[Saved data entries]
_ _ _ _

Lemma r_lseq_cons l s f : r_lseq (l :: s) f = r_path l f + r_lseq s f.
Proof. exact: big_cons. Qed.

Lemma r_lseq_nn m f : r_lseq (nn m) f = r_path m f.
Proof.
by case: m => [|e m]; rewrite /r_lseq /= ?big_seq1 // big_nil r_path_nil.
Qed.

Definition r_lseqE := (r_lseq_cat, r_lseq_cons, r_lseq_nn).

Lemma r_lseq_split s t f : lseq_split s t -> r_lseq t f = r_lseq s f.
Proof.
case=> s1 [s2 [l [m1 [m2 [-> [/(r_path_splitting f) r_l ->]]]]]].
by rewrite !r_lseqE r_l; lra.
Qed.

Lemma r_lseq_deform s t : lseq_deform s t ->
  exists q b, in_Pplus q /\ forall f, r_lseq t f = r_lseq s f + sg b * delta_plaq q f.
Proof.
case=> s1 [s2 [l [m [-> [/r_path_deform [q [b [Pq r_m]]] ->]]]]].
by exists q, b; split=> // f; rewrite !r_lseqE r_m; lra.
Qed.

Definition surface := seq (seq (edge d) * int).

Definition add_coef q (c : int) (pn : seq (edge d) * int) :=
  if pn.1 == q then (pn.1, pn.2 + c) else pn.

Definition add_plaquette (x : surface) q c : surface :=
  if q \in map fst x then map (add_coef q c) x else (q, c) :: x.

Lemma delta_cons pn (x : surface) f : delta (pn :: x) f = pn.2 * delta_plaq pn.1 f + delta x f.
Proof. exact: big_cons. Qed.

Lemma surf_area_cons pn (x : surface) : surf_area (pn :: x) = (`|pn.2| + surf_area x)%N.
Proof. exact: big_cons. Qed.

Lemma map_fst_add_coef (x : surface) q c : map fst (map (add_coef q c) x) = map fst x.
Proof. by elim: x => //= pn x ->; rewrite /add_coef; case: eqP. Qed.

Lemma map_add_coef_id (x : surface) q c : q \notin map fst x -> map (add_coef q c) x = x.
Proof.
elim: x => //= pn x IH; rewrite inE negb_or => /andP [q_pn /IH ->].
by rewrite /add_coef eq_sym (negbTE q_pn).
Qed.

Section AddCoef.
Variables (x : surface) (q : seq (edge d)) (c : int).
Hypotheses (uniq_x : uniq (map fst x)) (qx : q \in map fst x).

Lemma delta_add_coef f : delta (map (add_coef q c) x) f = delta x f + c * delta_plaq q f.
Proof.
elim: x uniq_x qx => [|pn x' IH] //= /andP [pn_x' uniq_x'].
rewrite inE !delta_cons /add_coef; case: (eqVneq pn.1 q) => [pn_q _ | _ /= q_x'].
  by rewrite map_add_coef_id -?pn_q //= pn_q; lra.
by rewrite IH // addrA.
Qed.

Lemma surf_area_add_coef : (surf_area (map (add_coef q c) x) <= surf_area x + `|c|)%N.
Proof.
elim: x uniq_x qx => [|pn x' IH] //= /andP [pn_x' uniq_x'].
rewrite inE !surf_area_cons /add_coef; case: (eqVneq pn.1 q) => [pn_q _ | _ /= q_x'].
  by rewrite map_add_coef_id -?pn_q //=; lia.
by rewrite -addnA leq_add2l IH.
Qed.

End AddCoef.

Lemma add_plaquette_wf (x : surface) q c :
  surface_wf x -> in_Pplus q -> surface_wf (add_plaquette x q c).
Proof.
move=> [uniq_x Pplus_x] Pq; rewrite /add_plaquette; case: ifP => qx; split.
- by rewrite map_fst_add_coef.
- by move=> _ /mapP [pn /Pplus_x Ppn ->]; rewrite /add_coef; case: eqP.
- by rewrite /= qx.
- by move=> pn; rewrite inE => /predU1P [-> //|/Pplus_x].
Qed.

Lemma delta_add_plaquette (x : surface) q c f : uniq (map fst x) ->
  delta (add_plaquette x q c) f = delta x f + c * delta_plaq q f.
Proof.
rewrite /add_plaquette; case: ifP => [qx uniq_x|_ _]; first exact: delta_add_coef.
by rewrite delta_cons addrC.
Qed.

_ _ _ _

[DIRECTIONS FOR THIS TASK]
With the line holding "by case: m =>" as the first and the line holding "Lemma r_lseq_deform s t : lseq_deform s t ->" as the last, set down that range of the entries above exactly, and nothing else.

[TASK RESPONSE]
by case: m => [|e m]; rewrite /r_lseq /= ?big_seq1 // big_nil r_path_nil.
Qed.

Definition r_lseqE := (r_lseq_cat, r_lseq_cons, r_lseq_nn).

Lemma r_lseq_split s t f : lseq_split s t -> r_lseq t f = r_lseq s f.
Proof.
case=> s1 [s2 [l [m1 [m2 [-> [/(r_path_splitting f) r_l ->]]]]]].
by rewrite !r_lseqE r_l; lra.
Qed.

Lemma r_lseq_deform s t : lseq_deform s t ->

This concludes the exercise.